This would make life a living hell for anyone who ever does any programming with text. But Unicode has not let programmers down: as far as Unicode is concerned, U+1F54 really is to be treated as equivalent to U+03C5 U+0313 U+0301. All the precomposed characters it has admitted have been assigned canonical decompositions: a copy of that huge laundry list of equivalences sits in every copy of MacOSX, WinXP, Linux, and so forth.

And the operating system acts on those equivalences. Recall that Unicode conflates polytonic acute and monotonic tonos, and that this leads to confusion for older fonts which differentiate between U+03AC Greek Small Letter Alpha With Tonos and U+1F71 Greek Small Letter Alpha With Oxia. The reason is that the operating system is told that both composed characters have the same canonical decomposition: U+03B1 U+0301, Greek Small Letter Alpha + Combining Acute Accent. So internally, Unicode will treat the two identically: a search for U+03AC will return instances of U+1F71.

2.2.3. Uncomp(r)o(mi)sing

With canonical decomposition, it would seem that everyone wins: users get their pretty combinations of glyphs, programmers get their platonic forms of characters to work with. The people who don't win are the Consortium itself, which has to keep managing a very messy laundry list, and the companies putting together operating systems: every copy of MacOSX and WinXP is burdened with thousands of mappings between Korean, Latin, Greek, Cyrillic, and whichever else precomposed characters and their decompositions. Those mappings cost execution time, memory, and of course money. And noone wants a repeat of the Korean disaster.

So if a classicist comes to the Unicode Consortium, and asks them what possessed them not to include the vitally important Greek Capital Letter Upsilon With Psili and Varia, the answer is not going to be, "But of course, we shall be more than happy to burden our operating systems with even more mappings for the laundry list, just so five out of our fifty million users can read Sappho more pleasantly." The answer is going to be more like, "We only put those precomposed characters into Unicode in the first place because we were forced to. If you want Greek Capital Letter Upsilon With Psili and Varia, you know where to find U+03A5 Greek Capital Letter Upsilon, U+0313 Combining Comma Above, and U+0300 Combining Grave Accent."

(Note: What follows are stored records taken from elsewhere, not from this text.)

Lemma subseq_select (P : nat -> nat -> Prop) :
  (forall k N, exists n, (N <= n)%nat /\ P k n) ->
  exists phi, strictly_increasing phi /\ forall k, P k (phi k).
Proof.
  intros HP.
  set (sel k N := proj1_sig (constructive_indefinite_description _ (HP k N))).
  assert (Hsel : forall k N, (N <= sel k N)%nat /\ P k (sel k N)).
  { intros k N. unfold sel. destruct constructive_indefinite_description; auto. }
  exists (select_seq sel). split.
  - apply strictly_increasing_S. intros n. apply Hsel.
  - intros [|k]; apply Hsel.
Qed.

Lemma bounded_cv_subseq (u : nat -> R) a b : (forall n, a <= u n <= b) ->
  exists phi, strictly_increasing phi /\ exists l, Un_cv (fun n => u (phi n)) l.
Proof.
  intros Hu. destruct (Bolzano_Weierstrass u _ (compact_P3 a b) Hu) as [l Hl].
  destruct (subseq_select (fun k p => Rabs (u p - l) < / INR (S k))) as [phi [Hphi Hclose]].
  { intros k N.
    assert (Hpos : 0 < / INR (S k)) by (apply Rinv_0_lt_compat, lt_0_INR; lia).
    destruct (Hl (disc l (mkposreal _ Hpos)) N) as [p Hp].
    { exists (mkposreal _ Hpos). intros y Hy. exact Hy. }
    exists p. exact Hp. }
  exists phi. split; [exact Hphi|]. exists l.
  intros eps Heps. destruct (archimed_cor1 eps Heps) as [N [HN HN0]].
  exists N. intros n Hn. apply Rlt_trans with (/ INR (S n)); [apply Hclose|].
  apply Rle_lt_trans with (/ INR N); [|exact HN].
  apply Rinv_le_contravar; [apply lt_0_INR; exact HN0|apply le_INR; lia].
Qed.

(And the answer will be brusque, at that: the precomposed characters only entered Unicode at ELOT insistence in 1991, and have caused no end of headaches. Although officially composed and decomposed are equally valid representations of characters, the Consortium would be happier if everyone stuck with the decomposed characters, instead of lawyering with the laundry list.)

And when you complain about the diacritics being stacked on top of the capital upsilon, rather than appearing to the left like they're supposed to, you won't get much sympathy; you'll be pretty much directed to the same queue as the Serbs. Because mapping the component codepoints to glyphs (including glyphs without corresponding extant precomposed codepoints) is not an issue Unicode is concerned with. Unicode's business is the platonic forms; this is an issue font designers should be concerned with instead. Turning multiple codepoints into a single glyph—which font designers generically refer to as ligatures—is something more complex scripts, like Arabic, Devanagari and Mongolian, have to deal with all the time. Although this is taking a while for implementors to realise, the 'simple' scripts like Latin and Greek are not an exception: they too can have tricky mappings between codepoints and glyphs, the platonic underlying forms and what you actually see on the screen; and you should not assume a one-to-one mapping between the two.

Thus, Ken Whistler in a post on the Prosgegrammeni:

Many of us have felt all along that polytonic Greek should always be represented decomposed, and that the ELOT polytonic "character" encoding was a dangerous conflation of glyph design and character encoding concerns.

Implementations that use full decomposition for polytonic Greek and fonts that correctly map the accentual and diacritic combinations are the best bet for consistency *and* good presentation in the long run.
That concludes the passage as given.